Sine Waves and the Geometry of Sound
Real-world waveforms aren’t perfect, regular up and down oscillations, nor
do they have just one frequency: sound almost always has energy at multiple
frequencies simultaneously. This fact is central in the construction of digital
audio devices such as equalizers and filters (Chapter 7). However, audio
engineers have found it extremely useful to have a basic waveform that can
be used as a sort of benchmark or building block to describe more complex
waveforms. This basic waveform, the sine wave, oscillates repeatedly at a
single frequency, and has no sound energy at any other frequency.
Meet the sine wave
The sine wave is a basic, periodic wave (one that repeats at regular intervals).
It sweeps up and down in a motion that’s a bit like the shape of the humps
and dips of a roller coaster (Figure 1.5).

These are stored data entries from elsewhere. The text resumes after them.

(* Let $\hat{\mathcal D}$ be a $\tau$-geometric marked DAG over $X$ with $\tau\ge4$, $\kappa>0$, $q\in\mathcal Q_{\mathcal D}$, $c\in\mathbb R_+^X$, $p=\mathcal A(q,c)$, $Q=\Lambda(q)$, $P=\Lambda(p)$. Then $$\frac{\tau-3}{\kappa\tau}\sum_{uv\in A}\omega_{uv}(Q_{uv}-P_{uv})_+\le\big(2\Delta_0(\mathcal D)+\Delta_I(\hat{\mathcal D})\big)\sum_{x\in X}c_xQ_x+\Psi(q)-\Psi(p).$$
   Context: Let $X$ be a finite set. A DAG over $X$ is a finite directed acyclic graph $\mathcal D=(V,A)$ with $X\subseteq V$, a single source $r$, whose set of sinks is exactly $X$. A flow is $F\in\mathbb R_+^A$ with $\sum_{v:uv\in A}F_{uv}=\sum_{v:vu\in A}F_{vu}$ for $u\in V\setminus(X\cup\{r\})$; $F_u:=\sum_{v:uv\in A}F_{uv}$ for $u\notin X$, $F_x:=\sum_{u:ux\in A}F_{ux}$ for $x\in X$; unit flows have $F_r=1$. $\mathcal P_{\mathcal D}$ is the set of directed paths from $r$ to a sink. A marked DAG is $(\mathcal D,\omega,\theta)$ with $\omega\in\mathbb R_{>0}^A$, $\omega_{uv}>\omega_{vw}$ whenever $uv,vw\in A$, and $\theta\in\mathbb R_{>0}^A$ with $\sum_{v:uv\in A}\theta_{uv}=1$ for $u\in V\setminus X$; it is $\tau$-geometric if $\omega_{uv}\ge\tau\omega_{vw}$ whenever $uv,vw\in A$. $\theta(\gamma):=\prod_{uv\in\gamma}\theta_{uv}$; $\Delta_0(\mathcal D)$ is the maximal number of arcs of a path in $\mathcal P_{\mathcal D}$, $\Delta_I(\hat{\mathcal D}):=\max_{\gamma\in\mathcal P_{\mathcal D}}\log(1/\theta(\gamma))$. Put $\eta_{uv}:=1+\log(1/\theta_{uv})$, $\delta_{uv}:=\theta_{uv}/\eta_{uv}$. $\mathcal Q_{\mathcal D}:=\{p\in\mathbb R_+^A:\sum_{v:uv\in A}p_{uv}=1\ \forall u\in V\setminus X\}$; $q^{(u)}:=(q_{uv})_{v:uv\in A}$, $\theta^{(u)}:=(\theta_{uv})_{v:uv\in A}$; $\mathcal Q^{(u)}$ is the probability simplex on $\{v:uv\in A\}$; $\mathbb D^{(u)}(p\|p'):=\frac1\kappa\sum_{v:uv\in A}\frac{\omega_{uv}}{\eta_{uv}}\big[(p_v+\delta_{uv})\log\frac{p_v+\delta_{uv}}{p'_v+\delta_{uv}}+p'_v-p_v\big]$. The step map $\mathcal A(q,c)$ outputs $p\in\mathcal Q_{\mathcal D}$: set $\hat c_x:=c_x$ for $x\in X$; process $u\in V\setminus X$ so that each vertex comes after all its out-neighbours, setting $p^{(u)}:=\arg\min_{p'\in\mathcal Q^{(u)}}\{\mathbb D^{(u)}(p'\|q^{(u)})+\sum_vp'_v\hat c_v\}$ and $\hat c_u:=\sum_vp^{(u)}_v\hat c_v$. $\Lambda(q)$ is the unique unit flow $F$ with $F_{uv}=F_uq_{uv}$ for all $uv\in A$. For $r'\in\mathcal Q_{\mathcal D}$: $\Psi(r'):=-\sum_{u\in V\setminus X}\Lambda(r')_u\,\mathbb D^{(u)}(\theta^{(u)}\|r'^{(u)})$. *)

From HB Require Import structures.
From mathcomp Require Import all_boot all_order all_algebra.
From mathcomp Require Import reals exp.
Set Implicit Arguments. Unset Strict Implicit. Unset Printing Implicit Defensive.
Import Order.TTheory GRing.Theory Num.Theory.
Local Open Scope ring_scope.
Definition mpq_ind' (P : mpq T -> Prop)
  (HP : forall X cs, (forall c, List.In c cs -> P c) -> P (PNode X cs))
  (HQ : forall ss, (forall S c, List.In (S, Some c) ss -> P c) -> P (QNode ss)) :
  forall t, P t :=
  fix F t : P t := match t with
  | PNode X cs => HP X cs ((fix G cs : forall c, List.In c cs -> P c :=
       match cs with
       | [::] => fun c H => False_ind _ H
       | c0 :: cs' => fun c H => match H with
           | or_introl E => eq_ind c0 P (F c0) c E
           | or_intror H' => G cs' c H'
           end
       end) cs)
  | QNode ss => HQ ss ((fix G ss : forall S c, List.In (S, Some c) ss -> P c :=
       match ss with
       | [::] => fun S c H => False_ind _ H
       | (S0, o) :: ss' => fun S c H => match H with
           | or_introl E =>
              (match o as o' return ((S0, o') = (S, Some c) -> P c) with
               | Some c0 => fun E => eq_ind c0 P (F c0) c (congr1 (fun p =>
                              if p.2 is Some d then d else c0) E)
               | None => fun E => match E in _ = q
                           return (if q.2 is Some _ then P c else True) with
                           | erefl => I
                           end
               end) E
           | or_intror H' => G ss' S c H'
           end
       end) ss)
  end.

Definition pos_cliques (p : {set T} * option (mpq T)) : seq {set T} :=
  let: (Sx, o) := p in
  if o is Some c then [seq Sx :|: C | C <- cliques c] else [:: Sx].
Definition pos_occ v (p : {set T} * option (mpq T)) : nat :=
  if p.2 is Some c then occ v c else 0.

Lemma cliquesP Y c cs : cliques (PNode Y (c :: cs)) =
  [seq Y :|: C | C <- flatten (map (@cliques T) (c :: cs))].
Proof. by []. Qed.

Lemma cliquesQ ss : cliques (QNode ss) = flatten (map pos_cliques ss).
Proof. by []. Qed.

Lemma occP v Y cs : occ v (PNode Y cs) = (v \in Y) + sumn (map (occ v) cs).
Proof. by rewrite /occ /= count_flatten -map_comp. Qed.

Lemma occQ v ss :
  occ v (QNode ss) = (v \in nodeset (QNode ss)) + sumn (map (pos_occ v) ss).
Proof.
rewrite /occ /= count_flatten -map_comp; congr (_ + sumn _).
by apply: eq_map => -[S [c|]].
Qed.

Lemma section_sub_nodeset ss S o :
  List.In (S, o) ss -> S \subset nodeset (QNode ss).
Proof.
elim: ss => [|[S' o'] ss IH] //= [[-> _]|Hin]; first exact: subsetUl.
exact: subset_trans (IH Hin) (subsetUr _ _).
Qed.

Lemma count_setU v Y (l : seq {set T}) : v \notin Y ->
  count (fun C : {set T} => v \in C) [seq Y :|: C | C <- l] =
  count (fun C : {set T} => v \in C) l.
Proof.
by move=> Hv; rewrite count_map; apply: eq_count => C /=; rewrite in_setU (negbTE Hv).
Qed.
Lemma char_poly_scalar_lblock k r (a : F) (Y : 'M_(r, k)) (C : 'M_r) :
  char_poly (block_mx a%:M 0 Y C) = ('X - a%:P) ^+ k * char_poly C.
Proof.
rewrite -char_poly_scalar_mx /char_poly /char_poly_mx map_block_mx map_mx0.
rewrite scalar_mx_block opp_block_mx add_block_mx oppr0 addr0.
by rewrite det_lblock.
Qed.

Lemma col_mx_unitmx k r (K : 'M[F]_(k, k + r)) (W : 'M_(r, k + r)) :
  \rank K = k -> \rank W = r -> (K :&: W = 0)%MS -> col_mx K W \in unitmx.
Proof.
move=> rK rW capKW; rewrite -row_free_unit /row_free -addsmxE.
by rewrite mxrank_disjoint_sum // rK rW.
Qed.

(* In a basis starting with the k eigenvectors K, A becomes block lower
   triangular with a scalar upper-left block. *)
Lemma char_poly_eigen_basis k r (A : 'M[F]_(k + r)) (K : 'M_(k, k + r))
    (W : 'M_(r, k + r)) a :
  col_mx K W \in unitmx -> K *m A = a *: K ->
  char_poly A = ('X - a%:P) ^+ k *
     char_poly (drsubmx (col_mx K W *m A *m invmx (col_mx K W))).
Proof.
move=> uP KA; set P := col_mx K W; set D := P *m A *m invmx P.
rewrite -(char_poly_conj A uP) -/D.
have uD : usubmx D = row_mx a%:M 0.
  have : usubmx (P *m invmx P) = usubmx (1%:M : 'M_(k + r)) by rewrite mulmxV.
  rewrite /D /P !mul_col_mx !col_mxKu KA -scalemxAl => ->.
  by rewrite scalar_mx_block block_mxEv col_mxKu scale_row_mx scalemx1 scaler0.
rewrite -[D]submxK /ulsubmx /ursubmx uD row_mxKl row_mxKr.
by rewrite block_mxKdr char_poly_scalar_lblock.
Qed.

Lemma mxrank_eigenspace_le_mup_split k r (A : 'M[F]_(k + r)) a :
  \rank (eigenspace A a) = k -> (k <= mup a (char_poly A))%N.
Proof.
move=> rE; set E := eigenspace A a.
pose K : 'M_(k, k + r) := castmx (rE, erefl) (row_base E).
have eK : (K :=: E)%MS by apply: eqmx_trans (eqmx_cast _ _) (eq_row_base _).
have rK : \rank K = k by rewrite eK.
have rW : \rank (K^C)%MS = r by rewrite mxrank_compl rK addKn.
pose W : 'M_(r, k + r) := castmx (rW, erefl) (row_base (K^C)%MS).
have eW : (W :=: K^C)%MS by apply: eqmx_trans (eqmx_cast _ _) (eq_row_base _).
have uP : col_mx K W \in unitmx.
  apply: col_mx_unitmx => //; first by rewrite eW.
  by apply/eqP; rewrite -submx0 (cap_eqmx (eqmx_refl K) eW) capmx_compl.
have KA : K *m A = a *: K by apply/eigenspaceP; rewrite eK.
rewrite (char_poly_eigen_basis uP KA) mup_geq ?dvdp_mulIl //.
by rewrite -(char_poly_eigen_basis uP KA) monic_neq0 // char_poly_monic.
Qed.

Lemma mxrank_eigenspace_le_mup n (A : 'M[F]_n) a :
  (\rank (eigenspace A a) <= mup a (char_poly A))%N.
Proof.
set k := \rank (eigenspace A a).
have eq_n : n = (k + (n - k))%N by rewrite subnKC // rank_leq_col.
rewrite -(char_poly_castmx eq_n A); apply: mxrank_eigenspace_le_mup_split.
by rewrite mxrank_eigenspace_castmx.
Qed.

End EigenspaceMultiplicity.

Section SymmetricEigenspace.
Local Open Scope ring_scope.
Variable R : realFieldType.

Sounds that we’d describe as “pure,”
like a flute playing without vibrato, a person whistling, or a tuning fork, all
approximate the sine wave. It’s even the ideal wave shape for the electricity
in your home’s power outlets.
Figure 1.5 Computers are
capable of producing an
approximation of a pure sine
wave, as represented here in
the waveform display in
Apple Soundtrack Pro (top).
Shown in a graph of fre-
quency content over time
(bottom), this sine wave is a
single horizontal band; unlike
other sounds, the sine wave
carries energy at only a single
frequency.The haze around
the horizontal band is not due
to the presence of other fre-
quencies in the sine wave; it’s
caused by the limitations of
the analysis process.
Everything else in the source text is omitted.